Наш Граббе, еще в начале кампании ездивший во французский лагерь, заметил, с какой небрежностью и в каком беспорядке стояла французская конница.

"Я с первых же дней был поражен, – говорит Fezensac, —изнурением солдат и их телесною слабостью. В главном штабе знать ничего не хотели кроме результатов, не принимая во внимание, чего эти результаты стоили; там не имели никакого понятия о положении армии.

В четырех полках, например, было по 900 человек вместо 2800 перешедших Рейн, при начале кампании. Вся одежда и особенно обувь была в очень дурном состоянии. Войска имели тогда еще немного муки, несколько стад быков и овец, но все это скоро вышло и, чтобы раздобыться снова, приходилось постоянно переменять место, так как в 24 часа все на пути истреблялось…"

Император высказал в разговоре с Нарбонном, что он определяет в 130000 человек соединившуюся под Смоленском русскую армию. У себя он полагал в это время 170000 готового к бою войска, с гвардиею, кавалериею, 1-м, 3-м, 4-м, 5-м и 8-м корпусами.

Под Смоленском Rene Bourgeois признает потерю в 6000 человек убитыми и более 10000 ранеными; с пленными и пропавшими без вести можно, следовательно, определить убыль французов в 20000 человек.

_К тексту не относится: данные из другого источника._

Lemma schur_pfN (F : fieldType) (T : finType) (le : rel T) (A : T -> T -> F)
    (K : {set T}) i j :
  total le -> antisymmetric le -> schur_pf le A K i j = - schur_pf le A K j i.
Proof.
move=> le_total le_anti; rewrite /schur_pf [[set j; i]]setUC eq_sym.
have [->|ij] /= := eqVneq i j; first by rewrite oppr0.
case: (boolP (le i j)) => lij; case: (boolP (le j i)) => lji //=.
- by move: ij; rewrite (le_anti i j) ?lij ?lji ?eqxx.
- by rewrite opprK.
- by have := le_total i j; rewrite (negbTE lij) (negbTE lji).
Qed.

Lemma set2_of_card2 (T : finType) (e : {set T}) x y :
  #|e| = 2 -> x \in e -> y \in e -> x != y -> e = [set x; y].
Proof.
move=> card_e xe ye xy; apply/eqP; rewrite eq_sym eqEcard cards2 xy card_e andbT.
by apply/subsetP => z; rewrite !inE => /orP[]/eqP->.
Qed.

Definition other_end (T : finType) (e : {set T}) (x : T) := odflt x [pick y in e :\ x].

Lemma other_endP (T : finType) (e : {set T}) x : #|e| = 2 -> x \in e ->
  other_end e x \in e /\ other_end e x != x.
Proof.
move=> card_e xe; rewrite /other_end; case: pickP => [y|none].
  by rewrite !inE => /andP[-> ->].
by move: (cardsD1 x e); rewrite xe card_e (eq_card0 none).
Qed.

Lemma other_endK (T : finType) (e : {set T}) x : #|e| = 2 -> x \in e ->
  other_end e (other_end e x) = x.
Proof.
move=> card_e xe; have [ye yx] := other_endP card_e xe.
have [ze zy] := other_endP card_e ye.
set y := other_end e x in ye yx ze zy *; set z := other_end e y in ze zy *.
have e_xy : e = [set x; y] by apply: set2_of_card2; rewrite // eq_sym.
by move: ze; rewrite e_xy => /set2P[|/eqP]; last rewrite (negbTE zy).
Qed.

Lemma dart_adj_sym (V : finType) (a b : V * {set V}) : dart_adj a b = dart_adj b a.
Proof. by rewrite /dart_adj eq_sym (eq_sym a.1) (eq_sym a.2). Qed.

Section MinorDarts.

Variables (V1 V2 : finType) (E1 : {set {set V1}}) (E2 E2d E2c : {set {set V2}}).
Variable pi : V2 -> V1.
Hypotheses (simple1 : simple_graph E1) (simple2 : simple_graph E2).
Hypothesis deleted_contracted_disjoint : [disjoint E2d & E2c].
Hypothesis pi_connect : forall x y, (pi x == pi y) = connect (adjE E2c) x y.
Hypothesis vimg_inj : {in E2 :\: (E2c :|: E2d) &, injective (vimg pi)}.
Hypothesis vimg_E1 : [set vimg pi e | e in E2 :\: (E2c :|: E2d)] = E1.

Local Notation K := [set d in darts E2 | d.2 \in E2c :|: E2d].
Local Notation Kbar := (darts E2 :\: K).

Lemma contracted_edge_pi f v w :
  f \in E2 -> f \in E2c -> v \in f -> w \in f -> pi v = pi w.
Proof.
move=> fE fc vf wf; have [<-//|vw] := eqVneq v w.
apply/eqP; rewrite pi_connect; apply: connect1.
by rewrite /adjE -(set2_of_card2 (simple2 fE) vf wf vw).
Qed.

Lemma mem_Kbar k : (k \in Kbar) = (k.2 \in E2 :\: (E2c :|: E2d)) && (k.1 \in k.2).
Proof.
rewrite !inE.
by case: (k.2 \in E2); case: (k.1 \in k.2); case: (k.2 \in E2c); case: (k.2 \in E2d).
Qed.

Lemma vimg_set2 (x y : V2) : vimg pi [set x; y] = [set pi x; pi y].
Proof. by rewrite /vimg imsetU1 imset_set1. Qed.

Lemma dart_map_inj : {in Kbar &, injective (dart_map pi)}.
Proof.
move=> [x e] [y f]; rewrite !mem_Kbar /= => /andP[eE xe] /andP[fE yf] [pxy vimg_ef].
have e_f : e = f by apply: vimg_inj.
subst f; have [->//|xy] := eqVneq x y; exfalso.
have eE2 : e \in E2 by case/setDP: eE.
have /simple1 : vimg pi e \in E1 by rewrite -vimg_E1 imset_f.
by rewrite (set2_of_card2 (simple2 eE2) xe yf xy) vimg_set2 pxy setUid cards1.
Qed.

Lemma dart_map_Kbar : dart_map pi @: Kbar = darts E1.
Proof.
apply/setP => [[y f]]; apply/imsetP/idP => [[[x e]] | ].
  rewrite mem_Kbar /= => /andP[eE xe] [-> ->].
  by rewrite inE /= -vimg_E1 !imset_f.
rewrite inE /= -vimg_E1 => /andP[/imsetP[e eE ->] /imsetP[x xe ->]].
by exists (x, e); rewrite ?mem_Kbar ?eE.
Qed.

«Русские, – говорит тот же автор, – должны были иметь те же потери». Однако в XIII бюллетене император не стесняется утверждать, что на поле битвы один французский труп приходился на 8 русских; кроме того, он утверждает, что русские солдаты, пользуясь близостью их деревень, дезертируют… Далее Наполеон признает, что генерал Себастиани был разбит и должен был целый день отступать, но определяет его потерю только в 100 человек – всюду самое бесцеремонное сглаживание своих потерь и преувеличение русских.

Однако это отступление одного из лучших генералов так явно было признано неудачей, что император не решился оставить армию под впечатлением ее и выступил к Москве.

«Чтобы дать понять глубину нашего бедствия среди этих кажущихся побед, – говорит Labaume, – достаточно сказать, что все мы сбились с ног от настойчивого систематического отступления русских. Кавалерия таяла, пропадала и оголодавшие артиллерийские лошади не могли более везти орудий».

Все это было еще по дороге в Москву и должно было бы внушить опасения Наполеону, но он только смеялся, искренно или нет, над русскими: «Посреди всех этих поражений, – говорит он в XIX бюллетене, – русские служат благодарственные молебны, все обращая в победы, но, несмотря на невежество и низкий уровень развития этих народов, такой прием начинает казаться смешным и грубым».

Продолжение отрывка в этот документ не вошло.